Exercise instructions: Look through the data below. Show each line where the string "recf" occurs.

Extracted information:
(* The satisfiability problem is undecidable for the class of formulas $\Phi_1 \wedge \Phi_2$, where $\Phi_1$ is a prenex formula of linear integer arithmetic with quantifier prefix in $\exists^*\forall^*$ and $\Phi_2$ is a prenex formula of linear integer arithmetic with quantifier prefix in $\forall^*\exists^*$, both over the signature of linear integer arithmetic extended with a single monadic predicate symbol $P$, where $P$ is required to be interpreted as a finite set of integers.
   Context: Linear integer arithmetic ($\mathsf{LIA}$) has the sort $\mathsf{Int}$ interpreted as the integers, the predicate $\geq$, addition $+$, and constants $0,1$, with their standard interpretation, and no uninterpreted function symbols. Formulas may have free variables (interpreted as integers); a formula is satisfiable if some assignment of integers to its free variables and some finite set of integers interpreting $P$ make it true. *)

From Stdlib Require Import ZArith List Arith.
Import ListNotations.

Inductive term : Type :=
| TVar  (x : nat)
| TZero
| TOne
| TAdd  (s t : term).

Inductive form : Type :=
| FGe   (s t : term)
| FEq   (s t : term)
| FP    (t : term)
| FTrue
| FFalse
| FNot  (p : form)
| FAnd  (p q : form)
| FOr   (p q : form)
| FImp  (p q : form)
| FEx   (x : nat) (p : form)
| FAll  (x : nat) (p : form).

Definition update (rho : nat -> Z) (x : nat) (z : Z) : nat -> Z :=
  fun y => if Nat.eqb y x then z else rho y.

Fixpoint eval_term (rho : nat -> Z) (t : term) : Z :=
  match t with
  | TVar x => rho x
  | TZero => 0%Z
  | TOne => 1%Z
  | TAdd s u => (eval_term rho s + eval_term rho u)%Z
  end.

Fixpoint holds (P : list Z) (rho : nat -> Z) (p : form) : Prop :=
  match p with
  | FGe s t => (eval_term rho s >= eval_term rho t)%Z
  | FEq s t => eval_term rho s = eval_term rho t
  | FP t => In (eval_term rho t) P
  | FTrue => True
  | FFalse => False
  | FNot q => ~ holds P rho q
  | FAnd q r => holds P rho q /\ holds P rho r
  | FOr q r => holds P rho q \/ holds P rho r
  | FImp q r => holds P rho q -> holds P rho r
  | FEx x q => exists z : Z, holds P (update rho x z) q
  | FAll x q => forall z : Z, holds P (update rho x z) q
  end.

Definition sat (p : form) : Prop :=
  exists (rho : nat -> Z) (P : list Z), holds P rho p.

Fixpoint qfree (p : form) : Prop :=
  match p with
  | FNot q => qfree q
  | FAnd q r | FOr q r | FImp q r => qfree q /\ qfree r
  | FEx _ _ | FAll _ _ => False
  | _ => True
  end.

Inductive prefix_A : form -> Prop :=
| pA_qf p : qfree p -> prefix_A p
| pA_all x p : prefix_A p -> prefix_A (FAll x p).

Inductive prefix_E : form -> Prop :=
| pE_qf p : qfree p -> prefix_E p
| pE_ex x p : prefix_E p -> prefix_E (FEx x p).

Inductive prefix_EA : form -> Prop :=
| pEA_A p : prefix_A p -> prefix_EA p
| pEA_ex x p : prefix_EA p -> prefix_EA (FEx x p).

Inductive prefix_AE : form -> Prop :=
| pAE_E p : prefix_E p -> prefix_AE p
| pAE_all x p : prefix_AE p -> prefix_AE (FAll x p).

Definition in_class (p : form) : Prop :=
  exists p1 p2, p = FAnd p1 p2 /\ prefix_EA p1 /\ prefix_AE p2.

Definition cpair (a b : nat) : nat := (a + b) * (a + b + 1) / 2 + b.

Fixpoint code_term (t : term) : nat :=
  match t with
  | TVar x => cpair 0 x
  | TZero => cpair 1 0
  | TOne => cpair 2 0
  | TAdd s u => cpair 3 (cpair (code_term s) (code_term u))
  end.

Fixpoint code_form (p : form) : nat :=
  match p with
  | FGe s t => cpair 0 (cpair (code_term s) (code_term t))
  | FEq s t => cpair 1 (cpair (code_term s) (code_term t))
  | FP t => cpair 2 (code_term t)
  | FTrue => cpair 3 0
  | FFalse => cpair 4 0
  | FNot q => cpair 5 (code_form q)
  | FAnd q r => cpair 6 (cpair (code_form q) (code_form r))
  | FOr q r => cpair 7 (cpair (code_form q) (code_form r))
  | FImp q r => cpair 8 (cpair (code_form q) (code_form r))
  | FEx x q => cpair 9 (cpair x (code_form q))
  | FAll x q => cpair 10 (cpair x (code_form q))
  end.

Inductive recf : Type :=
| RZero
| RSucc
| RProj (i : nat)
| RComp (f : recf) (gs : list recf)
| RPrim (f g : recf)           (* primitive recursion on first argument *)
| RMu   (f : recf).            (* unbounded minimisation on first argument *)

Inductive reval : recf -> list nat -> nat -> Prop :=
| ev_zero v : reval RZero v 0
| ev_succ x v : reval RSucc (x :: v) (S x)
| ev_proj i v : i < length v -> reval (RProj i) v (nth i v 0)
| ev_comp f gs v ys z :
    revals gs v ys -> reval f ys z -> reval (RComp f gs) v z
| ev_prim0 f g v y : reval f v y -> reval (RPrim f g) (0 :: v) y
| ev_primS f g n v r y :
    reval (RPrim f g) (n :: v) r -> reval g (n :: r :: v) y ->
    reval (RPrim f g) (S n :: v) y
| ev_mu f v n :
    reval f (n :: v) 0 ->
    (forall m, m < n -> exists k, reval f (m :: v) (S k)) ->
    reval (RMu f) v n
with revals : list recf -> list nat -> list nat -> Prop :=
| evs_nil v : revals [] v []
| evs_cons g gs v y ys :
    reval g v y -> revals gs v ys -> revals (g :: gs) v (y :: ys).
Lemma vnorm_segment n (y a z : vec n) t : 0 <= t <= 1 ->
  vnorm (vsub (vadd y (vscal t a)) z) <= (1 - t) * vnorm (vsub y z) + t * vnorm (vsub (vadd y a) z).
Proof.
  intros Ht.
  replace (vsub (vadd y (vscal t a)) z)
    with (vadd (vscal (1 - t) (vsub y z)) (vscal t (vsub (vadd y a) z))) by vec_ext.
  eapply Rle_trans; [apply vnorm_triang|]. rewrite !vnorm_scal, !Rabs_pos_eq by lra. lra.
Qed.

(** * Suprema and operator norms *)

Lemma Rsup_is_lub (E : R -> Prop) :
  (exists x, E x) -> (exists c, forall x, E x -> x <= c) -> is_lub E (Rsup E).
Proof.
  intros [x Hx] [c Hc]. unfold Rsup. apply epsilon_spec.
  destruct (completeness E) as [s Hs]; [exists c; intros y Hy; auto|exists x; auto|].
  exists s; auto.
Qed.

Lemma Rsup_ub (E : R -> Prop) :
  (exists x, E x) -> (exists c, forall x, E x -> x <= c) -> forall x, E x -> x <= Rsup E.
Proof. intros Hne Hc x Hx. apply (Rsup_is_lub E Hne Hc); auto. Qed.

Lemma Rsup_le (E : R -> Prop) c : (exists x, E x) -> (forall x, E x -> x <= c) -> Rsup E <= c.
Proof. intros Hne Hc. apply (Rsup_is_lub E Hne (ex_intro _ c Hc)). intros y Hy; auto. Qed.

Lemma Rinf_lb (E : R -> Prop) c :
  (exists x, E x) -> (forall x, E x -> c <= x) -> forall x, E x -> Rinf E <= x.
Proof.
  intros [x0 Hx0] Hc x Hx. unfold Rinf.
  enough (- x <= Rsup (fun y => E (- y))) by lra.
  apply Rsup_ub.
  - exists (- x0). now rewrite Ropp_involutive.
  - exists (- c). intros y Hy. specialize (Hc _ Hy). lra.
  - now rewrite Ropp_involutive.
Qed.

Lemma mvmul_scal m n (A : mat m n) a h : mvmul A (vscal a h) = vscal a (mvmul A h).
Proof.
  apply functional_extensionality; intros i. unfold mvmul, vscal.
  rewrite <- sumfin_scal. apply sumfin_ext; intros; ring.
Qed.

Lemma mvmul_msub m n (A B : mat m n) h : mvmul (msub A B) h = vsub (mvmul A h) (mvmul B h).
Proof.
  apply functional_extensionality; intros i. unfold mvmul, vsub, msub.
  rewrite <- sumfin_sub. apply sumfin_ext; intros; ring.
Qed.

Lemma mvmul_zero m n (A : mat m n) : mvmul A vzero = vzero.
Proof.
  apply functional_extensionality; intros i. unfold mvmul, vzero.
  transitivity (sumfin n (fun _ => 0)); [apply sumfin_ext; intros; ring|apply sumfin_zero].
Qed.
(* For complex numbers $z,w$ with $|z|<1$, $|w|<\frac14$ and $w(1+z)^2\neq z$, $$P(z,w):=\sum_{n\ge0}P_n(z)w^n=\frac{C(w)-(z+1)}{w(1+z)^2-z},$$ $$Q(z,w):=\sum_{n\ge0}Q_n(z)w^n=\frac{(C(w)-(z+1))(z+1)}{w(1+z)^2-z}=P(z,w)(z+1).$$
   Context: $C_n=\frac{1}{n+1}\binom{2n}{n}$ are the Catalan numbers and $C(w)=\sum_{n\ge0}C_nw^n=\frac{1-\sqrt{1-4w}}{2w}$ for $|w|<\frac14$. The Catalan triangle numbers are $B_{n,k}=\frac{k}{n}\binom{2n}{n-k}$ ($n\ge1$, $1\le k\le n$) and $A_{n,k}=\frac{2k-1}{2n+1}\binom{2n+1}{n+1-k}$ ($n\ge0$, $1\le k\le n+1$). For $n\ge0$, $P_n(z)=\sum_{j=0}^n B_{n+1,j+1}z^j$ and $Q_n(z)=\sum_{j=0}^{n+1}A_{n+1,j+1}z^j$. *)

From Stdlib Require Import Reals.
From Coquelicot Require Import Coquelicot.
Open Scope R_scope.

Fixpoint binom (n k : nat) : nat :=
  match n, k with
  | _, O => 1%nat
  | O, S _ => 0%nat
  | S n', S k' => (binom n' k' + binom n' (S k'))%nat
  end.

Definition catalan (n : nat) : R := INR (binom (2 * n) n) / INR (S n).

Definition catGF (w : C) : C :=
  @iota (CompleteNormedModule.CompleteSpace _ C_CompleteNormedModule) (fun l : C => is_series (fun n => (RtoC (catalan n) * Cpow w n)%C) l).

Definition Btri (n k : nat) : R := INR k / INR n * INR (binom (2 * n) (n - k)).

Definition Atri (n k : nat) : R :=
  (2 * INR k - 1) / (2 * INR n + 1) * INR (binom (2 * n + 1) (n + 1 - k)).

Definition Ppoly (n : nat) (z : C) : C :=
  sum_n (fun j => (RtoC (Btri (S n) (S j)) * Cpow z j)%C) n.

Definition Qpoly (n : nat) (z : C) : C :=
  sum_n (fun j => (RtoC (Atri (S n) (S j)) * Cpow z j)%C) (S n).

From Stdlib Require Import Reals Lia Lra.
From Coquelicot Require Import Coquelicot.
Open Scope R_scope.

Exercise response:
Inductive recf : Type :=
| RComp (f : recf) (gs : list recf)
| RPrim (f g : recf)           (* primitive recursion on first argument *)
| RMu   (f : recf).            (* unbounded minimisation on first argument *)
Inductive reval : recf -> list nat -> nat -> Prop :=
with revals : list recf -> list nat -> list nat -> Prop :=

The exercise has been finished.